Theorem proposition4p1 (S : finType) (R : comPzRingType) (q : R)
    (M : {set {set S}}) (le1 le2 : rel S) :
  total_order le1 -> total_order le2 ->
  forall f : ncpoly S R, Iq q M le1 f <-> Iq q M le2 f.
Proof. by move=> H1 H2 f; split; apply: Iq_subset. Qed.
(* If the discriminant is continuous at [T] and non-positive there, then
   [sqrt discr] tends to 0 as [tau -> T-], so [Z_k] tends to [-oo]. *)
Lemma Zk_to_minus_infinity k :
  continuity_pt (discr beta dbeta delta) T -> discr beta dbeta delta T <= 0 ->
  forall M, exists eps, 0 < eps /\
    forall tau, 0 <= tau -> T - eps < tau < T -> Zk beta dbeta delta k tau < M.
Proof.
  intros HD HDT M. pose proof PI_RGT_0.
  destruct (Rle_dec T M) as [HTM|HMT].
  { exists 1. split; [lra|]. intros tau H0 Ht.
    pose proof (Zk_upper k tau ltac:(lra)).
    pose proof (sqrt_lt_R0 _ (discr_pos tau ltac:(lra))).
    assert (0 < PI / 2 / sqrt (discr beta dbeta delta tau)) by (apply Rdiv_lt_0_compat; lra).
    lra. }
  set (c := (PI / 2) / (T - M)).
  assert (Hc : 0 < c) by (apply Rdiv_lt_0_compat; lra).
  destruct (continuity_pt_bound _ T HD (c ^ 2) ltac:(nra)) as [alp [Halp Hclose]].
  exists alp. split; [exact Halp|]. intros tau H0 Ht.
  pose proof (Zk_upper k tau ltac:(lra)).
  pose proof (discr_pos tau ltac:(lra)).
  assert (Hd := Hclose tau ltac:(apply Rabs_def1; lra)). apply Rabs_def2 in Hd.
  assert (Hsq : sqrt (discr beta dbeta delta tau) < c).
  { rewrite <- (sqrt_pow2 c) by lra. apply sqrt_lt_1; nra. }
  assert (PI / 2 / c < PI / 2 / sqrt (discr beta dbeta delta tau)).
  { unfold Rdiv. apply Rmult_lt_compat_l; [lra|].
    apply Rinv_lt_contravar; [apply Rmult_lt_0_compat, Hc; apply sqrt_lt_R0|]; lra. }
  assert (PI / 2 / c = T - M) by (unfold c; field; lra).
  lra.
Qed.

End Frequencies.
Section Threshold.
Variables (delta : R) (beta dbeta : R -> R) (tau_star : R).
Hypothesis delta_pos : 0 < delta.
Hypothesis beta_pos : forall s, 0 <= s -> 0 < beta s.
Hypothesis beta_cont : forall s, 0 <= s -> continuity_pt beta s.
Hypothesis dbeta_cont : forall s, 0 <= s -> continuity_pt dbeta s.
Hypothesis beta_decr : forall s t, 0 <= s -> s < t -> beta t < beta s.
Hypothesis beta_vanish : forall eps, 0 < eps -> exists M, forall S, M < S -> beta S < eps.
Hypothesis delta_lt_beta0 : delta < beta 0.
Hypothesis tau_star_range : 0 < tau_star < tau_bar beta delta.
Hypothesis tau_star_char : forall tau, 0 <= tau < tau_bar beta delta ->
  (Acoef beta delta tau < Rabs (Bcoef beta dbeta delta tau) <-> tau < tau_star).
Hypothesis B_neg : forall tau, 0 <= tau < tau_star -> Bcoef beta dbeta delta tau < 0.

Lemma A_lt_negB_before_threshold tau : 0 <= tau < tau_star ->
  0 < Acoef beta delta tau < - Bcoef beta dbeta delta tau.
Proof.
  intros Ht. rewrite <- (Rabs_left _ (B_neg tau Ht)).
  destruct (Sstar_spec delta beta delta_pos beta_cont beta_vanish delta_lt_beta0 tau
              ltac:(lra)) as [HS _].
  pose proof (beta_pos _ HS). split; [unfold Acoef; lra|].
  apply tau_star_char; lra.
Qed.

Lemma discr_nonpos_at_threshold : discr beta dbeta delta tau_star <= 0.
Proof.
  assert (Hn : ~ Acoef beta delta tau_star < Rabs (Bcoef beta dbeta delta tau_star))
    by (intros Hx; apply (tau_star_char tau_star ltac:(lra)) in Hx; lra).
  unfold discr. rewrite <- (pow2_abs (Bcoef beta dbeta delta tau_star)).
  pose proof (Rabs_pos (Bcoef beta dbeta delta tau_star)). nra.
Qed.

Lemma Zk_continuous_before_threshold k t : 0 <= t < tau_star ->
  continuity_pt (Zk beta dbeta delta k) t.
Proof.
  intros Ht. apply (Zk_continuous delta beta dbeta tau_star A_lt_negB_before_threshold k t Ht).
  - apply Acoef_continuous; auto; lra.
  - apply Bcoef_continuous; auto; lra.
Qed.

Lemma Zk_diverges_at_threshold k : forall M, exists eps, 0 < eps /\
  forall tau, 0 <= tau -> tau_star - eps < tau < tau_star -> Zk beta dbeta delta k tau < M.
Proof.
  apply (Zk_to_minus_infinity delta beta dbeta tau_star A_lt_negB_before_threshold k).
  - apply cont_minus; apply cont_sq; [apply Bcoef_continuous | apply Acoef_continuous];
      auto; lra.
  - exact discr_nonpos_at_threshold.
Qed.
(* f(t+0) = fp, f(t-0) = fm, fp <> fm : non-removable jump at t *)
Theorem theorem2 (chi f : R -> R) (t alpha fp fm : R) :
  is_kernel chi -> bounded_pos f -> 0 < t ->
  filterlim f (at_right t) (locally fp) ->
  filterlim f (at_left t) (locally fm) ->
  fp <> fm ->
  (lim_along_lattice (fun w => S_w chi f w t) t
      (alpha * fp + (1 - alpha - chi 1) * fm + chi 1 * f t)
    <-> psi_minus chi 1 = alpha) /\
  (psi_minus chi 1 = alpha <-> psi_plus chi 1 = 1 - alpha - chi 1).
Proof.
  intros kernel f_bnd t_pos f_right f_left jump_ne.
  pose proof (sampling_limit chi f t fp fm (proj1 (proj2 kernel)) f_bnd t_pos f_right f_left)
    as limit.
  pose proof (psi_total chi kernel) as total.
  assert (gap : alpha * fp + (1 - alpha - chi 1) * fm + chi 1 * f t
                - (fp * psi_minus chi 1 + fm * psi_plus chi 1 + f t * chi 1)
                = (alpha - psi_minus chi 1) * (fp - fm)).
  { replace (psi_plus chi 1) with (1 - psi_minus chi 1 - chi 1) by lra. ring. }
  split; [split|split; intro; lra].
  - intro lim_alpha.
    rewrite (lattice_limit_unique _ _ _ _ lim_alpha limit), Rminus_eq_0 in gap.
    destruct (Rmult_integral _ _ (eq_sym gap)) as [alpha_eq|jump_zero]; lra.
  - intro psi_alpha. rewrite psi_alpha in limit, gap. rewrite Rminus_eq_0, Rmult_0_l in gap.
    apply Rminus_diag_uniq in gap. rewrite gap. exact limit.
Qed.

**TASK STATEMENT:**
From the material above, copy exactly the lines between the line holding "(alpha * fp" and the line holding "- intro lim_alpha.", inclusive, and only those.

**WRITTEN RESPONSE:**
      (alpha * fp + (1 - alpha - chi 1) * fm + chi 1 * f t)
    <-> psi_minus chi 1 = alpha) /\
  (psi_minus chi 1 = alpha <-> psi_plus chi 1 = 1 - alpha - chi 1).
Proof.
  intros kernel f_bnd t_pos f_right f_left jump_ne.
  pose proof (sampling_limit chi f t fp fm (proj1 (proj2 kernel)) f_bnd t_pos f_right f_left)
    as limit.
  pose proof (psi_total chi kernel) as total.
  assert (gap : alpha * fp + (1 - alpha - chi 1) * fm + chi 1 * f t
                - (fp * psi_minus chi 1 + fm * psi_plus chi 1 + f t * chi 1)
                = (alpha - psi_minus chi 1) * (fp - fm)).
  { replace (psi_plus chi 1) with (1 - psi_minus chi 1 - chi 1) by lra. ring. }
  split; [split|split; intro; lra].
  - intro lim_alpha.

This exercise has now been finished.